## Your assignment
Only the lines from the one containing "move=> le_ej; apply/eqP; rewrite mod0n." through the one containing "by rewrite (big_pred1" should be printed, exactly as they appear below, with both ends included.

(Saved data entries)
++++

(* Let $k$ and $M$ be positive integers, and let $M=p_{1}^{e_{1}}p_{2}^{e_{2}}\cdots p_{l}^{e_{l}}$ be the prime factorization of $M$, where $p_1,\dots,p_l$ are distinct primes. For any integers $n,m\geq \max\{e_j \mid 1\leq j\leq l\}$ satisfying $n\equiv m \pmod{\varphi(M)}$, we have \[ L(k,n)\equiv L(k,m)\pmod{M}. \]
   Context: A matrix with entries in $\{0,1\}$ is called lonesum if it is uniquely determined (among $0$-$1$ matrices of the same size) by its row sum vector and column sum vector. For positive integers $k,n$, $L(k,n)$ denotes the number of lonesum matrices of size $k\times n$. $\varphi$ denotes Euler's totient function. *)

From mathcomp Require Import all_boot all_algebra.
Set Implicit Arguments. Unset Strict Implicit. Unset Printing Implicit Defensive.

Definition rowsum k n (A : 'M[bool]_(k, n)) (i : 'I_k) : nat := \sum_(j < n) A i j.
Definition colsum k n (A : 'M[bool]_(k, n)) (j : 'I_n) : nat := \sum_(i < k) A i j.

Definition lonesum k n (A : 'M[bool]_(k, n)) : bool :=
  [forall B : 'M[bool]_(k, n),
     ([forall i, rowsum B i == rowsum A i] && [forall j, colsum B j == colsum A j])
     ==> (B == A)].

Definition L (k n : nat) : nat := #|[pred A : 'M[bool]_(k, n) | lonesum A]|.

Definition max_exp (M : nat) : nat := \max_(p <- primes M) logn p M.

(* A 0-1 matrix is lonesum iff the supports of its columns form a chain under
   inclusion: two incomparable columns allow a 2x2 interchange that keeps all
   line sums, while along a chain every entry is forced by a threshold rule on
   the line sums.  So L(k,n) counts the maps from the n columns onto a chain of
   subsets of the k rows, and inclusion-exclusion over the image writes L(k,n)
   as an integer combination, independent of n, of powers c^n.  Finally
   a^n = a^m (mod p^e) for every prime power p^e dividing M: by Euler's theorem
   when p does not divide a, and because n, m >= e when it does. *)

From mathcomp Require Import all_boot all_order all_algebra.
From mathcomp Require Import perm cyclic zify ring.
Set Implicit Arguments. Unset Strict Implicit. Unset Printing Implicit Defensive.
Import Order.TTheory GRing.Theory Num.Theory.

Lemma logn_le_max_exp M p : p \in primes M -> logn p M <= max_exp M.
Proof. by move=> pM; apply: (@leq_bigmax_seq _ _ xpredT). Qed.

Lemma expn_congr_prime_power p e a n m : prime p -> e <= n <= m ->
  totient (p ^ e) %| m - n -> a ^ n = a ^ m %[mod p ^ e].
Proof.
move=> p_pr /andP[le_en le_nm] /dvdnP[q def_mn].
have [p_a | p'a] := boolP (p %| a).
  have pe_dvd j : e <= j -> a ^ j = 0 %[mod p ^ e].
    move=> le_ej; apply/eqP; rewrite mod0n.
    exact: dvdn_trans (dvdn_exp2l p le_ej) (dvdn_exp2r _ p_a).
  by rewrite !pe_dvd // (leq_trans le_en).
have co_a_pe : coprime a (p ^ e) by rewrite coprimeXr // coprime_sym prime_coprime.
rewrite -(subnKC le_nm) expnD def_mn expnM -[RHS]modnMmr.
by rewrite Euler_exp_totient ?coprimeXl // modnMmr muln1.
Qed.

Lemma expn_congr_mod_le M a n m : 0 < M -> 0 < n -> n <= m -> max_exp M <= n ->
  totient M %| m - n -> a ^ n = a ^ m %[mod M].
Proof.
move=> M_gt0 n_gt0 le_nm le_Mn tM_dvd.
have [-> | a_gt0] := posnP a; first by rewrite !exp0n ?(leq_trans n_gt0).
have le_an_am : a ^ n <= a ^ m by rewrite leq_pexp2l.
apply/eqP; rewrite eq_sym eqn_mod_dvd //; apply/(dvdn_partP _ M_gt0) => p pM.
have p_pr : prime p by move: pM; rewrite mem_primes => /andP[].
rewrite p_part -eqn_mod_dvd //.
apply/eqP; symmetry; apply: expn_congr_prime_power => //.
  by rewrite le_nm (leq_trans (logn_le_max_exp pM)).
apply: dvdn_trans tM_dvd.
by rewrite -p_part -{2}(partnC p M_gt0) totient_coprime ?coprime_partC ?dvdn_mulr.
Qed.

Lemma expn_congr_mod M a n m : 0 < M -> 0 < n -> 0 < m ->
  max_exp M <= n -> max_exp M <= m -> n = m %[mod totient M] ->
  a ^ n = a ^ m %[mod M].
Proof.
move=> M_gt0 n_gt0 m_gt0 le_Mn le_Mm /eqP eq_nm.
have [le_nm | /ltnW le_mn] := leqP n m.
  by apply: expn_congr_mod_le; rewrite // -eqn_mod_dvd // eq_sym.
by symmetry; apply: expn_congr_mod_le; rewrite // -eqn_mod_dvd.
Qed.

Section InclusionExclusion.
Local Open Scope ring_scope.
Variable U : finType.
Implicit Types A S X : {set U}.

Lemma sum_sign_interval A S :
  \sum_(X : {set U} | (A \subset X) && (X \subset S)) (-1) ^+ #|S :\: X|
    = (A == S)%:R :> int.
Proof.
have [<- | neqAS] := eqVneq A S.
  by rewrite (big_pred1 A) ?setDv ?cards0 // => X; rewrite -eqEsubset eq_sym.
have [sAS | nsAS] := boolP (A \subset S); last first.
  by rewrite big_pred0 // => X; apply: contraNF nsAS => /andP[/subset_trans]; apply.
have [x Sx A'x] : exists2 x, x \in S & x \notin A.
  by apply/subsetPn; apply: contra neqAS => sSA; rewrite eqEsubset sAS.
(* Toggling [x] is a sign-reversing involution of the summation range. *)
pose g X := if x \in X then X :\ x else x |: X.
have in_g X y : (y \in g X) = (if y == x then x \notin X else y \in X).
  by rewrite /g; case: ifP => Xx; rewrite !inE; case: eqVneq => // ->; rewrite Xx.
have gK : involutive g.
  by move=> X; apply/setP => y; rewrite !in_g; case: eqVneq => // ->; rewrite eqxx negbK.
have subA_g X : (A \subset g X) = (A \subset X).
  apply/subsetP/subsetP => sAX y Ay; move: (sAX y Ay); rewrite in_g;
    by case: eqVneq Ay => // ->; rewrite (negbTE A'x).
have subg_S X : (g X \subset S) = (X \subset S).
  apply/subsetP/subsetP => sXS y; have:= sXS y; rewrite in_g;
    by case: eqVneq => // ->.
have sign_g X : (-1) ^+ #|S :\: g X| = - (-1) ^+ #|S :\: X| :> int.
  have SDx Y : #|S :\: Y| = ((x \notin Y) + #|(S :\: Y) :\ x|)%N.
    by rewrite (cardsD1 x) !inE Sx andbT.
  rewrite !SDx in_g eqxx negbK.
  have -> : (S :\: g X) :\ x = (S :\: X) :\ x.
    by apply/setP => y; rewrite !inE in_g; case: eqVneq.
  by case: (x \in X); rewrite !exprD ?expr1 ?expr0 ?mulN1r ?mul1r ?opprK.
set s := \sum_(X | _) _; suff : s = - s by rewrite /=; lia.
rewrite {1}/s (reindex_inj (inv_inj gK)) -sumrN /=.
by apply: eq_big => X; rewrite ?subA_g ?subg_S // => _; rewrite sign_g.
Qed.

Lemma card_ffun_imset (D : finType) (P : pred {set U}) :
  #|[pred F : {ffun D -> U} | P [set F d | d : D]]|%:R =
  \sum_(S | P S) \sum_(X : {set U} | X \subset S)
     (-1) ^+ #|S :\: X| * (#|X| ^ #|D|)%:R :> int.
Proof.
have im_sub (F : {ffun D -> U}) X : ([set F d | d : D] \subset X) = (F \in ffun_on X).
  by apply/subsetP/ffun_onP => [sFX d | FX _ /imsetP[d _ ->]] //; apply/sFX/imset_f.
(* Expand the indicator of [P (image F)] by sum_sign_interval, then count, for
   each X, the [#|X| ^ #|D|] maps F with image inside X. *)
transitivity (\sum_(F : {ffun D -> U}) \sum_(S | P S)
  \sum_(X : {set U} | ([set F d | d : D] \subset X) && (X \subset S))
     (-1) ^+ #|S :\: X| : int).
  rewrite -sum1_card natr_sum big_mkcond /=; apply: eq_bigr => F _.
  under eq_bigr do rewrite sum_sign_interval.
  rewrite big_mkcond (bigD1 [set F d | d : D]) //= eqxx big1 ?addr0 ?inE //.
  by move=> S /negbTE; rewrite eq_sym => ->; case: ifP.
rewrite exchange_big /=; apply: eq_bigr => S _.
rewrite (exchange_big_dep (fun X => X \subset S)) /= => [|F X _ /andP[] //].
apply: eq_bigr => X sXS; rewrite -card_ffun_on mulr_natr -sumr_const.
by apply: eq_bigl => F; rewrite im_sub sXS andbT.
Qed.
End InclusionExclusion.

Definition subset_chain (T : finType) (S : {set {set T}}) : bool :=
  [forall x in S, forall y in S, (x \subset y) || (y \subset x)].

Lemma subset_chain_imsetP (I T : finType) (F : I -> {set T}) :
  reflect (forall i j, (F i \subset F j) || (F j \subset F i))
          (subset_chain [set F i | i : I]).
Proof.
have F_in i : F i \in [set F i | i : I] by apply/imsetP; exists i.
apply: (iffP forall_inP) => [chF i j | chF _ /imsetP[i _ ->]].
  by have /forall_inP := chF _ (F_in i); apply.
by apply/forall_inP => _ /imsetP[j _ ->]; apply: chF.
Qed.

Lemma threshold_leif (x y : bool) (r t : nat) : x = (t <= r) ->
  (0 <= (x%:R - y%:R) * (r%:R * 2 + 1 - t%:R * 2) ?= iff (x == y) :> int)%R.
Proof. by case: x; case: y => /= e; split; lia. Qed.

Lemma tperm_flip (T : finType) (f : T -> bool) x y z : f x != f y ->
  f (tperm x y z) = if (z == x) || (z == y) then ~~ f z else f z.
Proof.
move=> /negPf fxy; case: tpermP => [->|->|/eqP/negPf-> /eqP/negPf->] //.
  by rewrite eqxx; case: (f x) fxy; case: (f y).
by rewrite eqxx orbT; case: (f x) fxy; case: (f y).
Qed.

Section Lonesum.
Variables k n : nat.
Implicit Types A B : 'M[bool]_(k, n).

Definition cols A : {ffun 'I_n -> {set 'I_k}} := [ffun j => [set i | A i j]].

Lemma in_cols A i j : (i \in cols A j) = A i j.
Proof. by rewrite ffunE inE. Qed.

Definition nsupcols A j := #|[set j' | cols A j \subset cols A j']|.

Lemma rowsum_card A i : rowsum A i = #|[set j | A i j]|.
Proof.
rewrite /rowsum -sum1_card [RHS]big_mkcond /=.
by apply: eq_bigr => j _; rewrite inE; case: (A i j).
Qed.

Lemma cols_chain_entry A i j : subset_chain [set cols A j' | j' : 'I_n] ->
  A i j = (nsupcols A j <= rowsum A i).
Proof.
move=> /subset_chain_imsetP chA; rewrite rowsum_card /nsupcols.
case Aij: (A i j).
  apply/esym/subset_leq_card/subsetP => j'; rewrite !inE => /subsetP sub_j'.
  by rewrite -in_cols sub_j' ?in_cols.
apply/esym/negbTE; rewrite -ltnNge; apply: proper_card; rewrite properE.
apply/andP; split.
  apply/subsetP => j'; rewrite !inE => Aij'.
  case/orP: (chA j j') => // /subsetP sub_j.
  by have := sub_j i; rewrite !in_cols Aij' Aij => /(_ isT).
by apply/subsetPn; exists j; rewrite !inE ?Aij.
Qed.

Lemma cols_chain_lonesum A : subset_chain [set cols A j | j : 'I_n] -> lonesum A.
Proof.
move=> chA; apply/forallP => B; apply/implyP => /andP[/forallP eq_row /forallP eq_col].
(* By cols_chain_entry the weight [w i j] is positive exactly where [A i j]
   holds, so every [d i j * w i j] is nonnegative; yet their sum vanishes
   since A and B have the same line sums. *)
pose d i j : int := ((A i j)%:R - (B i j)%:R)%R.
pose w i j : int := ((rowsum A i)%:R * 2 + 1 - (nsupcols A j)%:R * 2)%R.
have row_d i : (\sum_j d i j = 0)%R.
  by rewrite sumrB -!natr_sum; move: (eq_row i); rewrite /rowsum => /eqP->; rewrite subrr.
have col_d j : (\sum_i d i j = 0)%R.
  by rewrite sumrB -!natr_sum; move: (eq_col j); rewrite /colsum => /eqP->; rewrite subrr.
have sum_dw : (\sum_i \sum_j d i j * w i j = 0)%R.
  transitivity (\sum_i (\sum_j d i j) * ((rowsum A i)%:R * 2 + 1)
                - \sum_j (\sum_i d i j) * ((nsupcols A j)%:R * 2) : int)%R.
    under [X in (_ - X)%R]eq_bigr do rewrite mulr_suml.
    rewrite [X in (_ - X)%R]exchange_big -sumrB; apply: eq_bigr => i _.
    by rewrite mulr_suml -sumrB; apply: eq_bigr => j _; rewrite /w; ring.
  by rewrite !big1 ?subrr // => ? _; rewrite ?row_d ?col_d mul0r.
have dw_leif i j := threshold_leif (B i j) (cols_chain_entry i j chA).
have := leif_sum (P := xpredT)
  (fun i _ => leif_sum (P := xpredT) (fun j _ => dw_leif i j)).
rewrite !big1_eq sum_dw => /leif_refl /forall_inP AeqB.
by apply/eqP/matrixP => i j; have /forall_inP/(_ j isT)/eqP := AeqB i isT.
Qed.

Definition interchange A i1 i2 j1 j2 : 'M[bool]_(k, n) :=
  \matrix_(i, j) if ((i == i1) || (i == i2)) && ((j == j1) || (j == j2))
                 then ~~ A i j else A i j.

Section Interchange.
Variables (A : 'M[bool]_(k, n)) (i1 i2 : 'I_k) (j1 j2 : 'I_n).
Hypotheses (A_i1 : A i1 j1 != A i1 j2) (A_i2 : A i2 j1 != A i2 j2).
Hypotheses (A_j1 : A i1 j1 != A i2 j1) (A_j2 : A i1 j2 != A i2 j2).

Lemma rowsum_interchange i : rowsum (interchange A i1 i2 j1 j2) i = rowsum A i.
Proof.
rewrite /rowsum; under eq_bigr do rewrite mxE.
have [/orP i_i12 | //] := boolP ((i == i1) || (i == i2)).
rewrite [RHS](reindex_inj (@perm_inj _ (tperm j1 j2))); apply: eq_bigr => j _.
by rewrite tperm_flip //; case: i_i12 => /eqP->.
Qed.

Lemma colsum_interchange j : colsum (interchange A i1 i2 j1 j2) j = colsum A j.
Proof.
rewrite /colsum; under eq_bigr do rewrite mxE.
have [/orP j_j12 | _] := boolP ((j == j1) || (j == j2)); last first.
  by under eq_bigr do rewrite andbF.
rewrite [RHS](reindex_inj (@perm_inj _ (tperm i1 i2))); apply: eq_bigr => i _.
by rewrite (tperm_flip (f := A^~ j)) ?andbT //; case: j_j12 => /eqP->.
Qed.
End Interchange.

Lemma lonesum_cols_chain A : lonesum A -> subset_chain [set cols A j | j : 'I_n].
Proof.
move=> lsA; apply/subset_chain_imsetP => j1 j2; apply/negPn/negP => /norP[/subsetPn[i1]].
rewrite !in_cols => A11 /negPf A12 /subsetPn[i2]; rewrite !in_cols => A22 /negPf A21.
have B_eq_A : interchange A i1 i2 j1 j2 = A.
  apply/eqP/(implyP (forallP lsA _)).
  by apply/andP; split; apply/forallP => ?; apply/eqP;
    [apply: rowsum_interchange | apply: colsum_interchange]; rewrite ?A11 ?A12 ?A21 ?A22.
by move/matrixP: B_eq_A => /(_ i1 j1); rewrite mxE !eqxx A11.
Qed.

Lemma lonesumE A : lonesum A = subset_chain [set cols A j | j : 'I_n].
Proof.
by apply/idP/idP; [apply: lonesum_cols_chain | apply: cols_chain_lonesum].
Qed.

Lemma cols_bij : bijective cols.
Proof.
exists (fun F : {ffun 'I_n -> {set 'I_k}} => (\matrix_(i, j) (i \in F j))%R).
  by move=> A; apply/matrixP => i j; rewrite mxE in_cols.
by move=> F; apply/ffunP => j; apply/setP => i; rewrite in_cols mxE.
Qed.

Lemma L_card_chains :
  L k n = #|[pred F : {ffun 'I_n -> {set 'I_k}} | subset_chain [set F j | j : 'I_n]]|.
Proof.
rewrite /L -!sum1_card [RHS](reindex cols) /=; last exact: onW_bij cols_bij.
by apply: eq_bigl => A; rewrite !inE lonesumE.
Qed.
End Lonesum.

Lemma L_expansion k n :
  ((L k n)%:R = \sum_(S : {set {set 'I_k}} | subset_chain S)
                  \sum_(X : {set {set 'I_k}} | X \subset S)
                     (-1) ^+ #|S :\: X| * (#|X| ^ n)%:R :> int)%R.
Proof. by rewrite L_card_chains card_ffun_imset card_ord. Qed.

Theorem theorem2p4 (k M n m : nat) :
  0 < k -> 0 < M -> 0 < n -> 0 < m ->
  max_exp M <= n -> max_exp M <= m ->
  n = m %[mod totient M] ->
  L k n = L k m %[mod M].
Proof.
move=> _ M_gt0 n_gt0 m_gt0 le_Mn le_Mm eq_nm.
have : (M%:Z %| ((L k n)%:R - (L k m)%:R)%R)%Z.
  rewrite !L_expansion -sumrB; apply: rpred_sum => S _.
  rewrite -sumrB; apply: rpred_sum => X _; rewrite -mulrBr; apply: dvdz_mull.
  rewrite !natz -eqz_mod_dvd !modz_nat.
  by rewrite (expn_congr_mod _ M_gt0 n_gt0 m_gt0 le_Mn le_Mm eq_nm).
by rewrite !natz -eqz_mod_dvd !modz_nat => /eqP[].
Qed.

++++

## Task answer
    move=> le_ej; apply/eqP; rewrite mod0n.
    exact: dvdn_trans (dvdn_exp2l p le_ej) (dvdn_exp2r _ p_a).
  by rewrite !pe_dvd // (leq_trans le_en).
have co_a_pe : coprime a (p ^ e) by rewrite coprimeXr // coprime_sym prime_coprime.
rewrite -(subnKC le_nm) expnD def_mn expnM -[RHS]modnMmr.
by rewrite Euler_exp_totient ?coprimeXl // modnMmr muln1.
Qed.

Lemma expn_congr_mod_le M a n m : 0 < M -> 0 < n -> n <= m -> max_exp M <= n ->
  totient M %| m - n -> a ^ n = a ^ m %[mod M].
Proof.
move=> M_gt0 n_gt0 le_nm le_Mn tM_dvd.
have [-> | a_gt0] := posnP a; first by rewrite !exp0n ?(leq_trans n_gt0).
have le_an_am : a ^ n <= a ^ m by rewrite leq_pexp2l.
apply/eqP; rewrite eq_sym eqn_mod_dvd //; apply/(dvdn_partP _ M_gt0) => p pM.
have p_pr : prime p by move: pM; rewrite mem_primes => /andP[].
rewrite p_part -eqn_mod_dvd //.
apply/eqP; symmetry; apply: expn_congr_prime_power => //.
  by rewrite le_nm (leq_trans (logn_le_max_exp pM)).
apply: dvdn_trans tM_dvd.
by rewrite -p_part -{2}(partnC p M_gt0) totient_coprime ?coprime_partC ?dvdn_mulr.
Qed.

Lemma expn_congr_mod M a n m : 0 < M -> 0 < n -> 0 < m ->
  max_exp M <= n -> max_exp M <= m -> n = m %[mod totient M] ->
  a ^ n = a ^ m %[mod M].
Proof.
move=> M_gt0 n_gt0 m_gt0 le_Mn le_Mm /eqP eq_nm.
have [le_nm | /ltnW le_mn] := leqP n m.
  by apply: expn_congr_mod_le; rewrite // -eqn_mod_dvd // eq_sym.
by symmetry; apply: expn_congr_mod_le; rewrite // -eqn_mod_dvd.
Qed.

Section InclusionExclusion.
Local Open Scope ring_scope.
Variable U : finType.
Implicit Types A S X : {set U}.

Lemma sum_sign_interval A S :
  \sum_(X : {set U} | (A \subset X) && (X \subset S)) (-1) ^+ #|S :\: X|
    = (A == S)%:R :> int.
Proof.
have [<- | neqAS] := eqVneq A S.
  by rewrite (big_pred1 A) ?setDv ?cards0 // => X; rewrite -eqEsubset eq_sym.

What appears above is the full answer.